(Dataset entries)
Lemma rotations_avoid_cycle_word :
  rotations_avoid p pat1423 <-> ~ has231 (cycle_word p) /\ ~ has1423 (cycle_word p).
Proof.
have wn : all (fun x => x < n.+1) (cycle_word p).
  by apply/allP => x; rewrite (perm_mem perm_cycle_word) mem_iota; lia.
rewrite -(rot_cons_max_avoid1423 wn); have [s CF] := cycle_form_rot.
have sizeCF : size (cycle_form p) = n.+1 by rewrite size_map size_iota.
rewrite -(all_rot_rot (fun t => ~ has1423 t) _ s) -CF /rotations_avoid.
split=> [/forallP H i | H]; last by apply/forallP => i; apply/avoids_1423.
have [ilt | ige] := ltnP i n.+1; first by apply/avoids_1423; apply: (H (Ordinal ilt)).
rewrite rot_oversize ?sizeCF //; apply/avoids_1423.
by rewrite -(rot0 (cycle_form p)); apply: (H ord0).
Qed.

Lemma arcs_cycle_word : arcs n.+1 (cycle_word p) n.+1 =i graph p.
Proof.
have [all_top iter_top _] := cyclic_traject top.
rewrite /arcs.
have -> : rcons (cycle_word p) n.+1 = [seq (p z : nat).+1 | z : 'I_n.+1 <- traject p top n.+1].
  rewrite (map_comp (fun z : 'I_n.+1 => (z : nat).+1) p) -traject_map trajectSr -iterSr iter_top.
  by rewrite map_rcons.
rewrite cycle_word_cons zip_map => u.
by apply/mapP/mapP => -[z _ ->]; exists z; rewrite ?mem_enum.
Qed.

End CyclicPerm.
(* Let $\{(x_n,y_n)\}_{n=1}^k\subset(\mathbb Q\cap(0,1))\times(\mathbb Q\cap(0,1))$ with $x_m\ne x_n$ for $m\ne n$ and $y_m\ge y_n$ whenever $x_m\ge x_n$. Then there exists a binary digit vector $\vec B$ such that $F_{\vec B}(x_n)=y_n$ for all $n=1,\dots,k$.
   Context: A binary digit vector of length (scale factor) $N\ge3$ is $\vec B=(b_0,\dots,b_{N-1})\in\{0,1\}^N$ with $2\le\|\vec B\|:=\sum_i b_i\le N-1$; its digit set is $D=\{i:b_i=1\}$. With $\phi_d(x)=(x+d)/N$ for $d\in D$, let $\mu_{\vec B}$ be the unique Borel probability measure with $\mu_{\vec B}=\frac{1}{\|\vec B\|}\sum_{d\in D}\mu_{\vec B}\circ\phi_d^{-1}$, supported on the attractor $C_{\vec B}\subset[0,1]$. The CDF is $F_{\vec B}(x)=\mu_{\vec B}([0,x])$, $x\in[0,1]$. The scale factor $N$ of $\vec B$ is not prescribed. *)

From HB Require Import structures.
From mathcomp Require Import all_boot all_order all_algebra.
From mathcomp Require Import all_classical all_reals all_analysis.
Set Implicit Arguments. Unset Strict Implicit. Unset Printing Implicit Defensive.
Import Order.TTheory GRing.Theory Num.Theory.
Local Open Scope ring_scope.
Local Open Scope classical_set_scope.

Definition digit_weight (N : nat) (B : 'I_N -> bool) : nat :=
  (\sum_(i < N) (B i : nat))%N.

Definition is_binary_digit_vector (N : nat) (B : 'I_N -> bool) : bool :=
  (3 <= N)%N && (2 <= digit_weight B <= N - 1)%N.

Definition phi (R : realType) (N d : nat) (x : R) : R := (x + d%:R) / N%:R.

Definition self_similar (R : realType) (N : nat) (B : 'I_N -> bool)
  (mu : probability R R) : Prop :=
  forall A : set R, measurable A ->
    (mu A = (((digit_weight B)%:R : R)^-1)%:E *
           \sum_(d < N | B d) mu (@phi R N d @^-1` A))%E.

Definition cdfB (R : realType) (mu : probability R R) (x : R) : \bar R :=
  mu `[0, x].

(* Write x_n = p_n/Q and y_n = q_n/Q over a common denominator Q >= 2 and take
   N = Q^2.  If mu is self-similar, g(t) = mu(]-oo,t]) satisfies
   g(t) = ||B||^-1 sum_{d in D} g(N t - d); a nondecreasing solution with limits 0
   and 1 at -oo and +oo must vanish on ]-oo,0] and equal 1 on [1,+oo[, hence
   F_B(a/N) = #{d in D | d < a} / ||B||.  Choosing a nondecreasing staircase h with
   h(0) = 0, h(Q) = Q, h(p_n) = q_n and putting h(j+1) - h(j) digits in the j-th block
   of Q positions gives ||B|| = Q and F_B(x_n) = h(p_n)/Q = y_n.  A self-similar
   measure exists: iterating the averaging operator from the unit step gives a
   decreasing sequence of distribution functions whose infimum is a right-continuous
   fixed point, and its Lebesgue-Stieltjes measure is self-similar because both sides
   of the equation agree on half-open intervals. *)

From HB Require Import structures.
From mathcomp Require Import all_boot all_order all_algebra.
From mathcomp Require Import all_classical all_reals all_analysis.
From mathcomp Require Import lra zify.
Import Order.TTheory GRing.Theory Num.Theory numFieldNormedType.Exports.
Local Open Scope ring_scope.
Local Open Scope classical_set_scope.
(* Let $S$ be a locally compact Hausdorff space with Borel $\sigma$-algebra $\mathscr{S}$, let $\mathscr{S}_0$ be an algebra of subsets of $S$ generating $\mathscr{S}$, and let $X=(X_1,\ldots,X_n)$ be an exchangeable random element of $S^n$ with law $P$, such that: (a) for every $\epsilon>0$ there exist $V\in\mathscr{S}_0$ and a compact $K$ with $V\subset K$ and $\mathbb{P}(X_1\in V)\ge1-\epsilon$; (b) for every $\epsilon>0$ and $V\in\mathscr{S}_0$ there exist an open $O$ and $W\in\mathscr{S}_0$ with $V\subset O\subset W$ and $\mathbb{P}(X_1\in W\setminus V)\le\epsilon$. Suppose there is an increasing sequence $\mathscr{G}_1\subset\mathscr{G}_2\subset\cdots$ of $\sigma$-algebras on $S$ with $\bigcup_k\mathscr{G}_k=\mathscr{S}_0$, and for each $k$ a probability measure $P_k$ on $(S^n,\mathscr{G}_k^n)$ such that \[ \lim_{k\to\infty}\sup_{A\in\mathscr{G}_k^n}|P_k(A)-P(A)|=0, \] and suppose that for some $N>n$ every $P_k$ is $N$-extendible. Then $P$ is $N$-extendible.
   Context: $\mathscr{G}_k^n$ denotes the product $\sigma$-algebra on $S^n$. A probability measure on $S^m$ (with a product $\sigma$-algebra) is exchangeable if it is invariant under all permutations of coordinates. For $N\ge n$, an exchangeable probability measure $P_n$ on $(S^n,\mathscr{G}^n)$ is $N$-extendible if there is an exchangeable probability measure $P_N$ on $(S^N,\mathscr{G}^N)$ with $P_n(A)=P_N(A\times S^{N-n})$ for all $A\in\mathscr{G}^n$ (here $\mathscr{G}$ is $\mathscr{G}_k$ for $P_k$ and $\mathscr{S}$ for $P$). *)

From HB Require Import structures.
From mathcomp Require Import all_boot all_order all_algebra all_fingroup.
From mathcomp Require Import all_classical all_reals all_analysis.
Set Implicit Arguments. Unset Strict Implicit. Unset Printing Implicit Defensive.
Import Order.TTheory GRing.Theory Num.Theory numFieldNormedType.Exports.
Local Open Scope classical_set_scope.
Local Open Scope ring_scope.

Definition set_algebra (T : Type) (G : set (set T)) : Prop :=
  [/\ G setT, (forall A, G A -> G (~` A)) & (forall A B, G A -> G B -> G (A `|` B))].

Definition gen_sigma (T : Type) (G : set (set T)) : set (set T) :=
  smallest (sigma_algebra setT) G.

Definition borel_sets (S : topologicalType) : set (set S) := gen_sigma (@open S).
Arguments borel_sets : clear implicits.

(* S^m is modelled as 'I_m -> S; the product sigma-algebra G^m is generated
   by the measurable cylinders {x | x i \in A}, A \in G. *)
Definition prod_sigma (S : Type) (m : nat) (G : set (set S)) : set (set ('I_m -> S)) :=
  gen_sigma [set C | exists i : 'I_m, exists2 A, G A & C = (fun x => x i) @^-1` A].
Arguments prod_sigma {S} m G.

Definition is_probability (R : realType) (T : Type) (F : set (set T)) (mu : set T -> R) : Prop :=
  [/\ mu setT = 1,
      (forall A, F A -> 0 <= mu A) &
      (forall B : nat -> set T, (forall i, F (B i)) -> trivIset setT B ->
         (fun m => \sum_(i < m) mu (B i)) @ \oo --> mu (\bigcup_i B i))].

Definition exchangeable (R : realType) (S : Type) (m : nat) (G : set (set S))
  (mu : set ('I_m -> S) -> R) : Prop :=
  forall (s : {perm 'I_m}) (A : set ('I_m -> S)), prod_sigma m G A ->
    mu A = mu ([set x : 'I_m -> S | A (fun i => x (s i))]).

(* A x S^(N-n), seen as a subset of S^N *)
Definition cyl_ext (S : Type) (n N : nat) (hnN : (n <= N)%N) (A : set ('I_n -> S))
  : set ('I_N -> S) :=
  [set y | A (fun i : 'I_n => y (widen_ord hnN i))].

Definition extendible (R : realType) (S : Type) (n N : nat) (hnN : (n <= N)%N)
  (G : set (set S)) (P : set ('I_n -> S) -> R) : Prop :=
  is_probability (prod_sigma n G) P /\ exchangeable G P /\
  exists PN : set ('I_N -> S) -> R,
    [/\ is_probability (prod_sigma N G) PN, exchangeable G PN &
        forall A, prod_sigma n G A -> P A = PN (cyl_ext hnN A)].

From HB Require Import structures.
From mathcomp Require Import all_boot all_order all_algebra all_fingroup.
From mathcomp Require Import all_classical all_reals all_analysis.
From mathcomp Require Import ring lra.
Import Order.TTheory GRing.Theory Num.Theory numFieldNormedType.Exports.
Set Implicit Arguments. Unset Strict Implicit. Unset Printing Implicit Defensive.
Local Open Scope classical_set_scope.
Local Open Scope ring_scope.

(* Choose N-extensions PN_k of the P_k and let Q be a cluster point of (PN_k)
   in the compact cube [0,1]^(sets of S^N) (Tychonoff).  Q is finitely additive
   and exchangeable on the algebra of sets lying in some G_k^N, and its
   n-marginal is P since P_k -> P uniformly.  By exchangeability every
   one-dimensional marginal of Q is that of P, so (a) and (b) make Q inner
   regular by compact boxes and outer regular by open boxes on the semiring of
   S0-boxes; compactness then turns a countable cover of a box by boxes into a
   finite one up to epsilon, i.e. Q is sigma-additive there.  Its Caratheodory
   extension is the required exchangeable extension of P, exchangeability and
   consistency passing from boxes to Borel sets by the pi-lambda theorem. *)

Lemma in_big_setU (T : Type) m (E : 'I_m -> set T) x :
  (\big[setU/set0]_(i < m) E i) x <-> exists i, E i x.
Proof.
rewrite -bigcup_seq; split=> [[i _ Ex]|[i Ex]]; first by exists i.
by exists i => //=; rewrite mem_index_enum.
Qed.

Lemma in_big_setI (T : Type) m (E : 'I_m -> set T) x :
  (\big[setI/setT]_(i < m) E i) x <-> forall i, E i x.
Proof.
rewrite -bigcap_seq; split=> [Ex i|Ex i _]; last exact: Ex.
by apply: Ex; rewrite /= mem_index_enum.
Qed.

Section SetAlgebra.
Variables (T : Type) (H : set (set T)).
Hypothesis algH : set_algebra H.

Lemma set_algebraT : H setT. Proof. by case: algH. Qed.

Lemma set_algebraC A : H A -> H (~` A). Proof. by case: algH => _ + _; apply. Qed.

Lemma set_algebraU A B : H A -> H B -> H (A `|` B).
Proof. by case: algH => _ _; apply. Qed.

Lemma set_algebra0 : H set0.
Proof. by rewrite -setCT; exact/set_algebraC/set_algebraT. Qed.

Lemma set_algebraI A B : H A -> H B -> H (A `&` B).
Proof.
by move=> HA HB; rewrite -[A `&` B]setCK setCI; apply/set_algebraC/set_algebraU;
  exact: set_algebraC.
Qed.

Lemma set_algebraD A B : H A -> H B -> H (A `\` B).
Proof. by move=> HA HB; rewrite setDE; apply: set_algebraI => //; exact: set_algebraC. Qed.

Lemma set_algebra_big_setU m (E : 'I_m -> set T) :
  (forall i, H (E i)) -> H (\big[setU/set0]_(i < m) E i).
Proof. by move=> HE; elim/big_ind: _ => //; [exact: set_algebra0|exact: set_algebraU]. Qed.

Lemma set_algebra_big_setI m (E : 'I_m -> set T) :
  (forall i, H (E i)) -> H (\big[setI/setT]_(i < m) E i).
Proof. by move=> HE; elim/big_ind: _ => //; [exact: set_algebraT|exact: set_algebraI]. Qed.

End SetAlgebra.

Lemma sigma_algebra_set_algebra (T : Type) (F : set (set T)) :
  sigma_algebra setT F -> set_algebra F.
Proof.
case=> F0 FD FU; split.
- by rewrite -(setD0 setT); exact: FD.
- by move=> A FA; rewrite -setTD; exact: FD.
- by move=> A B FA FB; rewrite -bigcup2E; apply: FU => -[|[|i]].
Qed.

Lemma gen_sigma_set_algebra (T : Type) (C : set (set T)) : set_algebra (gen_sigma C).
Proof. exact/sigma_algebra_set_algebra/smallest_sigma_algebra. Qed.

Lemma gen_sigma_sub (T : Type) (C D : set (set T)) :
  C `<=` gen_sigma D -> gen_sigma C `<=` gen_sigma D.
Proof. by move=> CD; apply: smallest_sub => //; exact: smallest_sigma_algebra. Qed.

Lemma preimage_gen_sigma (X Y : Type) (f : X -> Y) (CX : set (set X)) (CY : set (set Y)) :
  (forall B, CY B -> gen_sigma CX (f @^-1` B)) ->
  forall B, gen_sigma CY B -> gen_sigma CX (f @^-1` B).
Proof.
move=> fC; apply: smallest_sub => //; split.
- by rewrite preimage_set0; exact: sigma_algebra0.
- by move=> A FA; rewrite setTD -preimage_setC -setTD; exact: sigma_algebraCD.
- by move=> A FA; rewrite preimage_bigcup; exact: sigma_algebra_bigcup.
Qed.

Definition additive_probability (R : realType) (T : Type) (H : set (set T))
    (mu : set T -> R) :=
  [/\ mu setT = 1, (forall A, H A -> 0 <= mu A) &
      (forall A B, H A -> H B -> A `&` B = set0 -> mu (A `|` B) = mu A + mu B)].

Section AdditiveProbability.
Variables (R : realType) (T : Type) (H : set (set T)) (mu : set T -> R).
Hypotheses (algH : set_algebra H) (mu_prob : additive_probability H mu).

Lemma additive_probT : mu setT = 1. Proof. by case: mu_prob. Qed.

Lemma additive_prob_ge0 A : H A -> 0 <= mu A.
Proof. by case: mu_prob => _ + _; apply. Qed.

Lemma additive_probU A B : H A -> H B -> A `&` B = set0 -> mu (A `|` B) = mu A + mu B.
Proof. by case: mu_prob => _ _; apply. Qed.

Lemma additive_prob0 : mu set0 = 0.
Proof.
have H0 := set_algebra0 algH.
by have := additive_probU H0 H0 (set0I _); rewrite setU0; lra.
Qed.

Lemma additive_probD A B : H A -> H B -> B `<=` A -> mu A = mu B + mu (A `\` B).
Proof.
move=> HA HB BA; rewrite -additive_probU ?setDUK //; first exact: set_algebraD.
by rewrite setDE setICA setICr setI0.
Qed.

Lemma le_additive_prob A B : H A -> H B -> B `<=` A -> mu B <= mu A.
Proof.
move=> HA HB BA; rewrite (additive_probD HA HB BA) lerDl.
by apply: additive_prob_ge0; exact: set_algebraD.
Qed.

• _What the task asks_:
Only the lines above from the one with "- by rewrite -(setD0 setT); exact: FD." up to and including the one with "(forall B, CY" should be repeated, exactly as written.

• _Reply to the exercise_:
- by rewrite -(setD0 setT); exact: FD.
- by move=> A FA; rewrite -setTD; exact: FD.
- by move=> A B FA FB; rewrite -bigcup2E; apply: FU => -[|[|i]].
Qed.

Lemma gen_sigma_set_algebra (T : Type) (C : set (set T)) : set_algebra (gen_sigma C).
Proof. exact/sigma_algebra_set_algebra/smallest_sigma_algebra. Qed.

Lemma gen_sigma_sub (T : Type) (C D : set (set T)) :
  C `<=` gen_sigma D -> gen_sigma C `<=` gen_sigma D.
Proof. by move=> CD; apply: smallest_sub => //; exact: smallest_sigma_algebra. Qed.

Lemma preimage_gen_sigma (X Y : Type) (f : X -> Y) (CX : set (set X)) (CY : set (set Y)) :
  (forall B, CY B -> gen_sigma CX (f @^-1` B)) ->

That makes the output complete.